Soon after the surgical procedure, clinical signs of right-sided heart failure ceased dramatically. The postoperative course was uneventful, and the patient was discharged five days after the operation.

4. Discussion

Access site complications following interventional procedures represent significant problems and also increase morbidity and mortality [3, 4]. Fistulas resulting from femoral artery punctures are usually small in size, and they can close spontaneously in a couple of months. However, if they persist, arterial and venous walls dilate, become weaker, and may lead to an increased cardiac output [5]. Later on the course, congestive heart failure may result.

Diagnosis of an AVF is mostly based on medical history and physical findings. The most common clinical features are swelling, thrill, bruit, and pulse deficit in the affected limb. Enlarging left-to-right shunt may lead to chronic volume overload and cause congestive heart failure. Our patient was admitted to our clinic with progressive symptoms of heart failure. Since she had a history of mitral and tricuspid valve replacement, mechanical valve dysfunction was focused on first. Physical examination revealed thrill on the right femoral artery and weakened arterial pulses on the right lower extremity, which then led us to consider AVF formation.

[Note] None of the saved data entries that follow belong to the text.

Lemma is_opN f : is_op f -> is_op (fun k => - f k).
Proof. by move=> [L h]; exists (map -%R L) => k; rewrite h opappN. Qed.

Lemma is_op_shift f : is_op f -> is_op (fun k => f k.+1).
Proof.
move=> [L h]; exists (0 :: L) => k.
rewrite h /opapp /= big_ord_recl /= mul0r add0r; apply: eq_bigr => i _.
by rewrite /bump /= add1n addnS addSn.
Qed.

Lemma is_op_increment f : is_op f -> is_op (fun k => f k.+1 - f k).
Proof. by move=> hf; apply: is_opD; [apply: is_op_shift | apply: is_opN]. Qed.

Lemma is_op_r_increment : is_op (fun k => (r k.+1)%:Z - (r k)%:Z).
Proof.
exists [:: -1; 1] => k; rewrite /opapp /= !big_ord_recl big_ord0 /=.
rewrite /bump /= addn0 addn1; lia.
Qed.

Definition normL (L : seq int) : nat := (\sum_(i < size L) absz (nth 0%R L i))%N.

Lemma opapp_norm_bound L k :
  `|opapp r L k| <= (normL L * r (k + size L)%N)%N%:Z.
Proof.
rewrite /opapp /normL; apply: le_trans (ler_norm_sum _ _ _) _.
rewrite big_distrl /= -natz natr_sum; apply: ler_sum => i _.
rewrite normrM natrM natz abszE natz ler_wpM2l // ger0_norm // lez_nat leq_r leq_add2l.
exact: ltnW.
Qed.

Hypothesis hsp : sparse r.

Lemma is_op_trichotomy f : is_op f ->
  (forall k, f k = 0) \/ eventually_pos f \/ eventually_pos (fun k => - f k).
Proof.
move=> [L h]; have [[z|[[K p]|[K q]]] _] := hsp L.
- by left=> k; rewrite h z.
- by right; left; exists K => k hk; rewrite h p.
- by right; right; exists K => k hk; rewrite h oppr_gt0 q.
Qed.

Lemma is_op_dominates f : is_op f -> eventually_pos f ->
  exists D, forall k, (r k)%:Z < f (k + D)%N.
Proof.
move=> [L h] [K p]; have [_ [|D hD]] := hsp L.
  by exists K => k hk; rewrite -h p.
by exists D => k; rewrite h.
Qed.

Lemma r_doubling : exists j, forall t z, (2 ^ t * r z <= r (z + t * j))%N.
Proof.
have [|D hD] := is_op_dominates _ is_op_r_increment.
  by exists 0%N => k _; have := hr _ _ (ltnSn k); lia.
have double z : (2 * r z <= r (z + D.+1))%N.
  by have := hD z; have := leq_r z (z + D); rewrite leq_addr addnS; lia.
exists D.+1; elim=> [|t ih] z; first by rewrite mul1n mul0n addn0.
rewrite mulSnr addnA expnS -mulnA; apply: leq_trans (double _).
by rewrite leq_mul2l ih.
Qed.

(* A zero or eventually negative increment would bound [f] above, against (S2). *)
Lemma eventually_pos_increment f : is_op f -> eventually_pos f ->
  eventually_pos (fun k => f k.+1 - f k).
Proof.
move=> hf hpos; have [D hD] := is_op_dominates _ hf hpos.
case: (is_op_trichotomy _ (is_op_increment _ hf)) => [const|[//|[K decr]]].
- have fE k : f k = f 0%N by elim: k => // k ih; have := const k; rewrite -ih; lia.
  by have := hD `|f 0%N|%N; rewrite fE; have := leq_r_self `|f 0%N|%N; lia.
- have fK e : f (K + e)%N <= f K.
    elim: e => [|e ih]; first by rewrite addn0.
    by have := decr (K + e)%N (leq_addr _ _); rewrite addnS; lia.
  have := hD (`|f K| + K)%N; rewrite (_ : _ + D = K + (D + `|f K|))%N; last by lia.
  by have := fK (D + `|f K|)%N; have := leq_r_self (`|f K| + K)%N; lia.
Qed.

Lemma eventually_pos_gap f : is_op f -> eventually_pos f ->
  exists D, forall y x, (D <= y)%N -> (y < x)%N -> (r (x.-1 - D))%:Z < f x - f y.
Proof.
move=> hf hpos; have [D hD] := is_op_dominates _ (is_op_increment _ hf)
  (eventually_pos_increment _ hf hpos).
exists D => y x hy hyx.
have step z : (D <= z)%N -> (r (z - D))%:Z < f z.+1 - f z.
  by move=> hz; have := hD (z - D)%N; rewrite subnK.
have incr e : f y <= f (y + e)%N.
  elim: e => [|e ih]; first by rewrite addn0.
  by have := step (y + e)%N (leq_trans hy (leq_addr _ _)); rewrite addnS; lia.
have := step x.-1 ltac:(lia); rewrite prednK; last by lia.
have := incr (x.-1 - y)%N; rewrite subnKC; lia.
Qed.

Lemma bounded_upto (F : nat -> nat) m : exists B, forall i, (i <= m)%N -> (F i <= B)%N.
Proof.
exists (\max_(i < m.+1) F i) => i hi.
exact: (@leq_bigmax _ (fun k : 'I_m.+1 => F k) (Ordinal (hi : (i < m.+1)%N))).
Qed.

Section Tuples.
Context {N d Delta m : nat} {w : nat -> nat}.
Hypothesis hw : inRtDelta r N d Delta m w.

Lemma inRtDelta_step i : (1 <= i)%N -> (i < m)%N -> (w i.+1 + Delta <= w i)%N.
Proof.
move=> h1 h2; have [_] := hw i (introT andP (conj h1 (ltnW h2))).
by rewrite (ltn_eqF h2) leq_r.
Qed.

Lemma inRtDelta_last : (1 <= m)%N -> (N + Delta <= w m)%N.
Proof.
by move=> h; have [_] := hw m (introT andP (conj h (leqnn m))); rewrite eqxx leq_r.
Qed.

Lemma inRtDelta_head_gap j : (2 <= j <= m)%N -> (w j + Delta <= w 1)%N.
Proof.
elim: j => // j ih /andP[hj hjm].
have := inRtDelta_step j ltac:(lia) hjm.
case: (ltnP 1 j) => [h1j | hj1]; first by have := ih ltac:(lia); lia.
by rewrite (_ : j = 1%N); lia.
Qed.

Lemma inRtDelta_head_ge : (1 <= m)%N -> (Delta <= w 1)%N.
Proof.
move=> hm; have := inRtDelta_last hm.
case: (ltnP 1 m) => [h1m | hm1]; last by rewrite (_ : m = 1%N); lia.
by have := inRtDelta_head_gap m ltac:(lia); lia.
Qed.

Lemma tail_bound (C : nat -> seq int) M L :
    (forall i, (2 <= i <= m)%N -> (normL (C i) <= M)%N /\ (size (C i) <= L)%N) ->
  `|\sum_(2 <= i < m.+1) opapp r (C i) (w i)| <= (m * M * r (w 1 - Delta + L))%N%:Z.
Proof.
move=> hC; apply: le_trans (ler_norm_sum _ _ _) _.
apply: (@le_trans _ _ (\sum_(2 <= i < m.+1) (M * r (w 1 - Delta + L))%N%:Z)).
  rewrite big_nat_cond [X in _ <= X]big_nat_cond; apply: ler_sum => i /andP[hi _].
  have [hM hL] := hC i ltac:(lia); apply: le_trans (opapp_norm_bound _ _) _.
  rewrite lez_nat leq_mul // leq_r.
  by have := inRtDelta_head_gap i ltac:(lia); lia.
rewrite sumr_const_nat -mulr_natr; lia.
Qed.

End Tuples.

Lemma inRtDelta_behead {N d Delta m : nat} {w : nat -> nat} :
  inRtDelta r N d Delta m.+1 w -> inRtDelta r N d Delta m (fun i => w i.+1).
Proof. by move=> hw i hi; have := hw i.+1 ltac:(lia); rewrite eqSS. Qed.

Definition tuple_cons (k : nat) (w : nat -> nat) : nat -> nat :=
  fun i => if (i <= 1)%N then k else w i.-1.

Lemma inRtDelta_cons {N d Delta m k : nat} {w : nat -> nat} : (1 <= m)%N ->
    inTilde N d k -> inRtDelta r N d Delta m w -> (w 1%N + Delta <= k)%N ->
  inRtDelta r N d Delta m.+1 (tuple_cons k w).
Proof.
move=> hm hk hw hwk i /andP[hi1 him]; rewrite /tuple_cons.
case: (ltnP 1 i) => [h1i | hi]; last first.
  rewrite (_ : i = 1%N) /=; last by lia.
  by rewrite eqSS eq_sym (gtn_eqF hm) leq_r.
case: i hi1 him h1i => [//|j] _ hjm hj /=.
by have := hw j ltac:(lia); rewrite eqSS.
Qed.

Lemma dotop_recl m C w :
  dotop r m.+1 C w = opapp r (C 1%N) (w 1%N) + dotop r m (fun i => C i.+1) (fun i => w i.+1).
Proof. by rewrite /dotop big_nat_recl. Qed.

Lemma dotop_cons m C k w :
  dotop r m.+1 C (tuple_cons k w) = opapp r (C 1%N) k + dotop r m (fun i => C i.+1) w.
Proof.
rewrite dotop_recl /dotop; congr (_ + _); apply: eq_big_nat => i hi.
by rewrite /tuple_cons ltnNge (_ : (1 <= i)%N) //; case/andP: hi.
Qed.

Since arterial puncture of superficial and deep femoral arteries is associated with arterial complications, proper selection of puncture site in order to gain access to common femoral artery is critically important. In our case, fistulas were arising both from superficial and deep femoral arteries indicating that the probable puncture site was below the level of common femoral artery.

Branham’s sign, which is a decrease in pulse and increase in blood pressure that follows the sudden occlusion of an AVF, represents a hemodynamically significant AVF in the circulation and was present at the patient’s physical examination.

As a result, sudden and progressive clinical deterioration in a patient especially with a history of diagnostic or therapeutic cardiovascular intervention may evocate the possibility of peripheral access site AVF formation. Moreover, arterial or venous access must carefully be gained in patients with a history of cardiac disease or surgery, since cardiac catheterizations may be needed in the follow-up course of such patients; peripheral arterial and venous access sites may be traumatized repeatedly. Femoral vessels exposed for peripheral cannulation at the time of cardiac surgery may have increased risk for AVF development.

Conflict of Interests

The authors declare that they have no conflict of interests.